Kadrowe natomiast muszą wiedzieć o izolacji lub kwarantannie pracowników, bo inaczej nie będą w stanie wyliczyć wynagrodzenia. A przypomnijmy, że za pobyt na zwolnieniu lekarskim, kwarantannie czy w izolacji należy się pracownikowi 80 proc. pensji. Gdy opóźnienie przypadnie na moment wypłat pensji, to robi się problem.
W takim przypadku rozwiązania są dwa. Zaczekać, aż dane pojawią się w systemach ZUS albo skorygować wypłatę w kolejnym miesiącu.
- Zalecam jeszcze odrobinę cierpliwości. Te dane na pewno się tam znajdą - uspokaja rzeczniczka wrocławskiego oddziału ZUS.

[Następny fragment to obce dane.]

(* Let $M$ be a Peano continuum with no cut points. Then: (1) every multivalent exact cut pair of $M$ is inseparable; (2) no cut pair of $M$ is separated by a multivalent exact cut pair, i.e., if $\{\sigma,\tau\}$ is a multivalent exact cut pair and $\{\zeta,\xi\}$ is any cut pair, then $\zeta$ and $\xi$ do not lie in distinct components of $M\setminus\{\sigma,\tau\}$.
   Context: A Peano continuum is a compact, connected, locally connected metrizable space. A cut point is $\eta$ with $M\setminus\{\eta\}$ disconnected. A cut pair is a set of two distinct points, neither a cut point, whose complement is disconnected. For a point $\zeta$ with $M\setminus\{\zeta\}$ connected, its valence is the number of ends of $M\setminus\{\zeta\}$. A cut pair $\{\zeta,\xi\}$ is exact if the valences of $\zeta$ and $\xi$ both equal $n$, where $n$ is the number of components of $M\setminus\{\zeta,\xi\}$; it is multivalent if this common valence is finite and at least $3$. An exact cut pair $\{\zeta,\xi\}$ is inseparable if $\zeta$ and $\xi$ do not lie in distinct components of the complement of any other exact cut pair. *)

From HB Require Import structures.
From mathcomp Require Import all_boot all_order all_algebra.
From mathcomp Require Import all_classical all_reals topology.
Set Implicit Arguments. Unset Strict Implicit. Unset Printing Implicit Defensive.
Local Open Scope classical_set_scope.

Section PeanoDefs.
Context {M : topologicalType}.

Definition locally_connected_space : Prop :=
  forall (x : M) (U : set M), nbhs x U ->
    exists V : set M, [/\ open V, V x, connected V & V `<=` U].

(* Peano continuum (metrizability is provided by the ambient metricType) *)
Definition peano_continuum : Prop :=
  [/\ [set: M] !=set0, compact [set: M], connected [set: M] &
      locally_connected_space].

Definition cut_point (z : M) : Prop := ~ connected (~` [set z]).

Definition pair_compl (z x : M) : set M := ~` ([set z] `|` [set x]).

Definition cut_pair (z x : M) : Prop :=
  [/\ z <> x, ~ cut_point z, ~ cut_point x & ~ connected (pair_compl z x)].

Definition components (A : set M) : set (set M) :=
  [set C | exists2 x, A x & C = connected_component A x].

(* compact subsets of M \ {z}, i.e. compact subsets of M avoiding z *)
Definition admissible (z : M) (K : set M) : Prop := compact K /\ ~ K z.

(* Freudenthal ends of M \ {z}: a choice, for each compact K of M \ {z},
   of a component of (M \ {z}) \ K, decreasing in K.  Off the admissible
   sets the function is normalised to set0, so ends are genuine functions. *)
Definition is_end (z : M) (e : set M -> set M) : Prop :=
  [/\ (forall K, admissible z K -> components (~` (K `|` [set z])) (e K)),
      (forall K L, admissible z K -> admissible z L -> K `<=` L -> e L `<=` e K)
    & (forall K, ~ admissible z K -> e K = set0)].

Definition ends (z : M) : set (set M -> set M) := [set e | is_end z e].

(* exact cut pair: both valences (numbers of ends) equal the number of
   components of M \ {z, x} (as cardinals) *)
Definition exact_cut_pair (z x : M) : Prop :=
  [/\ cut_pair z x, (ends z #= components (pair_compl z x))%card
    & (ends x #= components (pair_compl z x))%card].

Definition multivalent_exact_cut_pair (z x : M) : Prop :=
  exact_cut_pair z x /\
  exists2 n : nat, (3 <= n)%N & (components (pair_compl z x) #= `I_n)%card.

Definition separates (s t z x : M) : Prop :=
  [/\ pair_compl s t z, pair_compl s t x &
      connected_component (pair_compl s t) z <>
      connected_component (pair_compl s t) x].

Definition inseparable (z x : M) : Prop :=
  exact_cut_pair z x /\
  forall s t : M, exact_cut_pair s t ->
    [set s] `|` [set t] <> [set z] `|` [set x] -> ~ separates s t z x.

End PeanoDefs.

From HB Require Import structures.
From mathcomp Require Import all_boot all_order all_algebra.
From mathcomp Require Import all_classical all_reals topology.

(* Let {s, t} be a pair with at least three complementary components.  Since
   M has no cut points, the closure of every component C of M \ {s, t}
   contains both s and t, so C ∪ {s, t} is connected.
   (1) Whatever the pair {s', t'}, some component C avoids s' and t', and then
   C ∪ {s, t} joins s to t in M \ {s', t'}.
   (2) If {s, t} separates z from x, pick a component C of M \ {s, t} avoiding
   z and x.  Every component D of M \ {s, t, z, x} has s or t in its closure:
   otherwise D would be clopen in M \ {x} or in M \ {z} (making x or z a cut
   point), or its closure would contain both z and x, putting them in one
   component of M \ {s, t}.  Hence M \ {z, x} is the union of the connected
   sets C ∪ {s, t} ∪ D ∪ (cl D ∩ {s, t}), all containing s, so {z, x} is not
   a cut pair. *)

Local Open Scope classical_set_scope.

Lemma card_ge3_avoid2 {T : Type} {A : set T} {n : nat} :
  (3 <= n)%N -> (A #= `I_n)%card ->
  forall a b : T, exists c, [/\ A c, c <> a & c <> b].
Proof.
move=> n3; rewrite card_eq_le => /andP[_ An] a b.
have /card_leP[f] : (`I_3 #<= A)%card.
  by apply: card_le_trans An; rewrite card_le_II.
pose g i (i3 : (i < 3)%N) : T := val (f (SigSub (mem_set (i3 : `I_3 i)))).
have g_inj i j i3 j3 : g i i3 = g j j3 -> i = j.
  by move=> /val_inj/(@inj _ _ _ f _ _ (mem_set I) (mem_set I))/(congr1 val).
apply: contrapT => /forallNP avoid.
have g_ab i i3 : g i i3 = a \/ g i i3 = b.
  apply: contrapT => /not_orP[ga gb]; apply: (avoid (g i i3)); split => //.
  exact: set_valP.
move: (g_inj 0 1 isT isT) (g_inj 0 2 isT isT) (g_inj 1 2 isT isT).
case: (g_ab 0 isT) (g_ab 1 isT) (g_ab 2 isT) => -> [] -> [] -> h01 h02 h12;
  by [move: (h01 erefl) | move: (h02 erefl) | move: (h12 erefl)].
Qed.

Section Connectedness.
Context {T : topologicalType}.

Lemma connected_between (D B : set T) :
  connected D -> D `<=` B -> B `<=` closure D -> connected B.
Proof.
move=> cD DB Bcl; apply/connectedP => E [E0 BE [clE0E1 E0clE1]].
have DE : D `<=` E false `|` E true by rewrite -BE.
have [DE0|DE1] := connected_subset (conj clE0E1 E0clE1) DE cD.
- have [w E1w] := E0 true.
  have Bw : B w by rewrite BE; right.
  suff : (closure (E false) `&` E true) w by rewrite clE0E1.
  by split => //; apply: closureS DE0 _ (Bcl _ Bw).
- have [w E0w] := E0 false.
  have Bw : B w by rewrite BE; left.
  suff : (E false `&` closure (E true)) w by rewrite E0clE1.
  by split => //; apply: closureS DE1 _ (Bcl _ Bw).
Qed.

Lemma components_connected_component {A C : set T} {w : T} :
  components A C -> C w -> C = connected_component A w.
Proof. by move=> [y Ay ->] /same_connected_component. Qed.

(* [D] is then a nonempty proper clopen subset of [T \ {p}]. *)
Lemma cut_point_clopen (D : set T) p q :
  open D -> D !=set0 -> ~ D p -> ~ D q -> q <> p ->
  closure D `<=` D `|` [set p] -> cut_point p.
Proof.
move=> oD D0 Dp Dq qp clD conn.
have Dsub : D `<=` ~` [set p] by move=> w Dw wp; apply: Dp; rewrite -wp.
suff DE : D = ~` [set p] by apply: Dq; rewrite DE.
apply: conn => //.
- exists D => //; apply/seteqP; split => [w Dw|w []//].
  by split => //; exact: Dsub.
- exists (closure D); first exact: closed_closure.
  apply/seteqP; split => [w Dw|w [wp /clD[//|/wp[]]]].
  by split; [exact: Dsub | exact: subset_closure].
Qed.

Hypothesis lc : @locally_connected_space T.

Lemma open_connected_component {A : set T} {x : T} :
  open A -> open (connected_component A x).
Proof.
move=> oA; rewrite openE => y Dy.
have Ay : A y := connected_component_sub Dy.
have [V [oV Vy cV VA]] := lc _ _ (open_nbhs_nbhs (conj oA Ay)).
rewrite (same_connected_component Dy).
apply: filterS (open_nbhs_nbhs (conj oV Vy)).
exact: connected_component_max.
Qed.

Lemma closure_connected_component {A : set T} {x : T} :
  open A -> closure (connected_component A x) `&` A `<=` connected_component A x.
Proof.
move=> oA y [cly Ay].
have Dy : open_nbhs y (connected_component A y).
  by split; [exact: open_connected_component | exact: connected_component_refl].
have [w [Dxw Dyw]] := cly _ (open_nbhs_nbhs Dy).
rewrite (same_connected_component Dxw) -(same_connected_component Dyw).
exact: connected_component_refl.
Qed.

End Connectedness.

Section NoCutPoints.
Context {M : topologicalType}.
Hypothesis lc : @locally_connected_space M.
Hypothesis nocut : forall z : M, ~ cut_point z.
Hypothesis closed_set1 : forall x : M, closed [set x].

Lemma open_pair_compl (a b : M) : open (pair_compl a b).
Proof. exact/closed_openC/closedU. Qed.

Lemma pair_complC (a b : M) : pair_compl a b = pair_compl b a.
Proof. by rewrite /pair_compl setUC. Qed.

Lemma closure_component_pair_compl_l {a b : M} {C : set M} :
  a <> b -> components (pair_compl a b) C -> closure C a.
Proof.
move=> ab cC; apply: contrapT => nCa; apply: (nocut b).
have [y Ay CE] := cC.
have CA : C `<=` pair_compl a b by rewrite CE; exact: connected_component_sub.
apply: (@cut_point_clopen _ C b a).
- by rewrite CE; exact: (open_connected_component lc (open_pair_compl a b)).
- by exists y; rewrite CE; exact: connected_component_refl.
- by move=> /CA; apply; right.
- by move=> /CA; apply; left.
- exact: ab.
- move=> w clw; have [Aw|] := pselect (pair_compl a b w).
    left; rewrite CE.
    apply: (closure_connected_component lc (open_pair_compl a b)).
    by rewrite -CE; split.
  by move=> /contrapT[/= wa|/= wb]; [case: nCa; rewrite -wa | right].
Qed.

Lemma closure_component_pair_compl {a b : M} {C : set M} :
  a <> b -> components (pair_compl a b) C -> closure C a /\ closure C b.
Proof.
move=> ab cC; split; first exact: closure_component_pair_compl_l ab cC.
by apply: closure_component_pair_compl_l; [move=> /esym/ab | rewrite pair_complC].
Qed.

Lemma connected_component_setU_pair {a b : M} {C : set M} :
  a <> b -> components (pair_compl a b) C -> connected (C `|` [set a; b]).
Proof.
move=> ab cC; have [cla clb] := closure_component_pair_compl ab cC.
have [y _ CE] := cC.
apply: (@connected_between _ C); first by rewrite CE; exact: component_connected.
  by move=> w Cw; left.
by move=> w [Cw|[/= ->|/= ->]] //; exact: subset_closure.
Qed.

Lemma component_avoiding_not_separates {a b s t : M} {C : set M} :
  a <> b -> components (pair_compl a b) C -> ~ C s -> ~ C t ->
  ~ separates s t a b.
Proof.
move=> ab cC Cs Ct [Pa Pb []]; apply: same_connected_component.
have CabP : C `|` [set a; b] `<=` pair_compl s t.
  move=> w [Cw [/= ws|/= wt]|[/= ->|/= ->] //].
  - by apply: Cs; rewrite -ws.
  - by apply: Ct; rewrite -wt.
apply: (connected_component_max _ CabP (connected_component_setU_pair ab cC)).
- by right; left.
- by right; right.
Qed.

Section Separation.
Context {a b z x : M}.
Hypothesis ab : a <> b.
Hypothesis sep : separates a b z x.
Let A := pair_compl a b.
Let W := A `&` pair_compl z x.

Lemma closure_component_meets_pair y :
  W y -> closure (connected_component W y) `&` [set a; b] !=set0.
Proof.
have [Az Ax zx_sep] := sep.
move=> Wy; apply: contrapT => nmeet.
have oW : open W := openI (open_pair_compl a b) (open_pair_compl z x).
set D := connected_component W y.
have oD : open D := open_connected_component lc oW.
have DW : D `<=` W := @connected_component_sub _ W y.
have clD : closure D `<=` D `|` [set z; x].
  move=> w clw; have [Ww|nWw] := pselect (W w).
    by left; exact: (closure_connected_component lc oW _ (conj clw Ww)).
  have [Aw|nAw] := pselect (A w).
    by right; apply: contrapT => zxw; apply: nWw.
  by case: nmeet; exists w; split => //; apply: contrapT.
have in_closure p q : [set z; x] = [set p; q] -> closure D p.
  move=> zxE; apply: contrapT => nclp; apply: (nocut q).
  have zxq : [set z; x] q by rewrite zxE; right.
  apply: (@cut_point_clopen _ D q a) => //.
  - by exists y; exact: connected_component_refl.
  - by move=> /DW[_ /(_ zxq)].
  - by move=> /DW[Aa _]; apply: Aa; left.
  - move=> aq; case: zxq => /= qE; [apply: Az|apply: Ax];
    by rewrite -qE -aq; left.
  - move=> w clw; case/clD: (clw) => [Dw|]; first by left.
    by rewrite zxE => -[/= wp|/= wq]; [case: nclp; rewrite -wp | right].
have DA : D `<=` connected_component A y.
  apply: connected_component_max; first exact: connected_component_refl.
    by move=> w /DW[].
  exact: component_connected.
have compA p :
    A p -> closure D p -> connected_component A p = connected_component A y.
  move=> Ap /(closureS DA) clp; apply/esym; apply: same_connected_component.
  exact: (closure_connected_component lc (open_pair_compl a b) _ (conj clp Ap)).
have clz : closure D z := in_closure z x erefl.
have clx : closure D x by apply: (in_closure x z); rewrite setUC.
by apply: zx_sep; rewrite (compA z) ?(compA x).
Qed.

Lemma pair_compl_connected {C : set M} :
  components A C -> ~ C z -> ~ C x -> connected (pair_compl z x).
Proof.
have [Az Ax _] := sep.
move=> cC Cz Cx.
set S := pair_compl z x; set K := C `|` [set a; b].
have abS : [set a; b] `<=` S.
  by move=> w abw [/= wz|/= wx]; [apply: Az|apply: Ax]; rewrite -?wz -?wx.
have KS : K `<=` S.
  move=> w [Cw|/abS //] [/= wz|/= wx]; [apply: Cz|apply: Cx];
  by rewrite -?wz -?wx.
have cK : connected K := connected_component_setU_pair ab cC.
pose E y := connected_component W y `|`
  (closure (connected_component W y) `&` [set a; b]).
have SE : S = \bigcup_(y in S) (K `|` E y).
  apply/seteqP; split => [w Sw|w [y Sy [/KS //|[Dw|[_ /abS //]]]]].
    exists w => //; have [Ww|nWw] := pselect (W w).
      by right; left; exact: connected_component_refl.
    by left; right; apply: contrapT => nabw; apply: nWw.
  by have [] := connected_component_sub Dw.
rewrite SE; apply: bigcup_connected.
  by exists a => y _; left; right; left.
move=> y Sy; have [Wy|nWy] := pselect (W y); last first.
  by rewrite /E connected_component_out // closure0 set0I !setU0.
have [w [clw abw]] := closure_component_meets_pair y Wy.
apply: connectedU => //; first by exists w; split; right.
apply: (@connected_between _ (connected_component W y)).
- exact: component_connected.
- by move=> v Dv; left.
- by move=> v [Dv|[clv _]] //; exact: subset_closure.
Qed.

End Separation.
End NoCutPoints.

Lemma multivalent_component_avoid2 {M : topologicalType} {s t : M} (p q : M) :
  multivalent_exact_cut_pair s t ->
  exists2 C, components (pair_compl s t) C & ~ C p /\ ~ C q.
Proof.
move=> [_ [n n3 card]].
have [C [cC Cp Cq]] := card_ge3_avoid2 n3 card
  (connected_component (pair_compl s t) p)
  (connected_component (pair_compl s t) q).
by exists C => //; split => /(components_connected_component cC).
Qed.

Theorem lemma2p6 (R : realType) (M : metricType R) :
  @peano_continuum M -> (forall z : M, ~ cut_point z) ->
  (forall z x : M, multivalent_exact_cut_pair z x -> inseparable z x) /\
  (forall s t z x : M, multivalent_exact_cut_pair s t -> cut_pair z x ->
     ~ separates s t z x).
Proof.
move=> [_ _ _ lc] nocut.
have closed_set1 : forall x : M, closed [set x] :=
  accessible_closed_set1 (hausdorff_accessible (@metric_hausdorff R M)).
split.
- move=> z x zx; have [[[zx_neq _ _ _] _ _] _] := zx.
  split; first by case: zx.
  move=> s t _ _; have [C cC [Cs Ct]] := multivalent_component_avoid2 s t zx.
  exact: (component_avoiding_not_separates lc nocut closed_set1 zx_neq cC Cs Ct).
- move=> s t z x st [_ _ _ zx_disconnected] sep; apply: zx_disconnected.
  have [[[st_neq _ _ _] _ _] _] := st.
  have [C cC [Cz Cx]] := multivalent_component_avoid2 z x st.
  exact: (pair_compl_connected lc nocut closed_set1 st_neq sep cC Cz Cx).
Qed.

Co ciekawe, zdecydowanie szybciej pracodawca dostanie informację o osobach chorych, niekoniecznie na koronawirusa. - Od niespełna dwóch lat L4 w momencie wystawienia od razu trafia do ZUS i jest widoczne u pracodawcy - mówi nam Kowalska-Matis. Oczywiście pod warunkiem, że zwolnienie jest wystawione od razu. A przy dzisiejszych kolejkach do lekarzy nie jest to takie oczywiste.
Idą zmiany na lepsze
W przypadku firmy opisywanego przez nas pana Roberta spore znaczenie ma jeszcze fakt, że testy zostały zlecone komercyjnie. Tu bowiem raportowanie działało zupełnie inaczej niż w tych publicznych laboratoriach, na przykład szpitalnych.
- Co prawda prywatne laboratoria też miały obowiązek raportowania, ale często robiły to na przykład pisemnie. I wysyłały to pocztą lub faksem - mówi Jan Bondar. Stąd tak wielu pacjentów telefon z sanepidu odbierało dopiero 8 czy 10 dni od otrzymania wyniku.
- Często w informacjach brakowało numeru telefonu, a jego ustalenie wymagało kolejnych dni. Przy takim nawale pracy to nie powinno dziwić - dodaje rzecznik GIS.
Od czwartku sytuacja ma się jednak zmienić. Na mocy nowych przepisów również prywatne laboratoria otrzymały dostęp do elektronicznego systemu. Tego samego, z którego wcześniej korzystały tylko te publiczne.
- To znacząco przyspieszy sprawę, bez dwóch zdań - puentuje przedstawiciel Głównego Inspektora Sanitarnego.